In practice, you will see a mix: some Madrileños who dress in full traditional costume with real care (particularly the older generations and families with children), and others in partial or token dress. The costume hire industry does a lively trade in May. The effect, particularly in the Pradera and at the city centre events, is striking — thousands of people in polka-dots against the backdrop of a sunny May Madrid.
The Pradera de San Isidro
The Pradera de San Isidro, reached by crossing the Segovia bridge from the city centre (or by Metro to Marqués de Vadillo and walking north), is the original and most important festival venue. It is a large riverside meadow, and during San Isidro week it becomes an outdoor fair with food stalls, live performances, and dancing. Entry is free.
The atmosphere is genuinely unlike any other festival in Spain — this is not a tourist event, it is a local celebration. The crowd is predominantly Madrileño families, groups of friends, and elderly couples who have been coming to the Pradera for decades. There are bands playing chotis (the traditional Madrid dance, a kind of slow polka) and people dancing in the open air. There are food stalls selling rosquillas — traditional fried dough rings associated specifically with San Isidro.
Go in the late afternoon or early evening, when the light is good and the crowd is at its most festive.
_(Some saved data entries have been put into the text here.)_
Lemma wanswer_set_tr (P : wprogram A) Z : wf_wprogram P ->
  wanswer_set P Z <-> nanswer_set (tr_prog P) Z.
Proof.
  intros HP. rewrite wanswer_setE, nanswer_setE by exact HP.
  assert (HZ : wsat_prog Z P <-> nsat_prog Z (nreduct (tr_prog P) Z)).
  { rewrite <- wse_model_diag, wse_model_tr by auto using lsubset_refl.
    unfold nse_model. tauto. }
  assert (HX : wsat_prog Z P -> forall X, lsubset X Z ->
                 wse_model P X Z <-> nsat_prog X (nreduct (tr_prog P) Z)).
  { intros HPZ X HXZ. rewrite wse_model_tr by auto. unfold nse_model. tauto. }
  split; intros [Hc [HPZ Hmin]]; split; try exact Hc.
  - split; [now apply HZ|]. intros X HXZ HXP. apply Hmin, HX; auto.
  - apply HZ in HPZ. split; [exact HPZ|]. intros X HXZ HXP. apply Hmin; auto. now apply HX.
Qed.

Lemma tr_prog_wunion (P1 P2 : wprogram A) :
  tr_prog (wunion P1 P2) = nunion (tr_prog P1) (tr_prog P2).
Proof.
  apply functional_extensionality. intros nr. apply propositional_extensionality.
  unfold tr_prog, wunion, nunion. firstorder.
Qed.

End AnswerSets.

Section StrongEquivalence.
Context {A : Type}.
Implicit Types (X Y Z W : lset A) (P : wprogram A) (N : nprogram A).

Lemma wf_wunion P1 P2 : wf_wprogram P1 -> wf_wprogram P2 -> wf_wprogram (wunion P1 P2).
Proof. intros H1 H2 r [Hr|Hr]; [apply H1|apply H2]; exact Hr. Qed.

Lemma wse_model_wunion P1 P2 X Y :
  wse_model (wunion P1 P2) X Y <-> wse_model P1 X Y /\ wse_model P2 X Y.
Proof. rewrite !wse_model_rules. unfold wunion. firstorder. Qed.

Lemma nsat_prog_nreduct_nunion N1 N2 X Y :
  nsat_prog X (nreduct (nunion N1 N2) Y) <->
  nsat_prog X (nreduct N1 Y) /\ nsat_prog X (nreduct N2 Y).
Proof. unfold nsat_prog, nreduct, nunion. firstorder (subst; eauto). Qed.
Rosquillas: the food of San Isidro
Every food stall at the Pradera sells rosquillas in two varieties: rosquillas tontas (plain fried dough rings dusted with icing sugar) and rosquillas listas (glazed with lemon icing). There are also rosquillas de Santa Clara (meringue-topped) and rosquillas francesas (anise-flavoured). These are specifically associated with San Isidro — most bakeries in the city sell them only in May. They are simple, sweet, not especially complex, and completely delicious when fresh and warm from a stall on a May evening.
Try at least both the tontas and listas. If you enjoy anise, the francesas are the most interesting. Prices are modest — a few euros for a bag.
The city-centre events
The celebrations are not confined to the Pradera. The Retiro and Jerónimos area sees concerts and events. The historic centre hosts performances and chotis dancing in Plaza Mayor and surrounding plazas. The eat like a local guide notes that San Isidro week is one of the best times of year to find traditional Madrid cuisine being served — stews, cocido madrileño, and festival-specific pastries — at neighbourhood restaurants.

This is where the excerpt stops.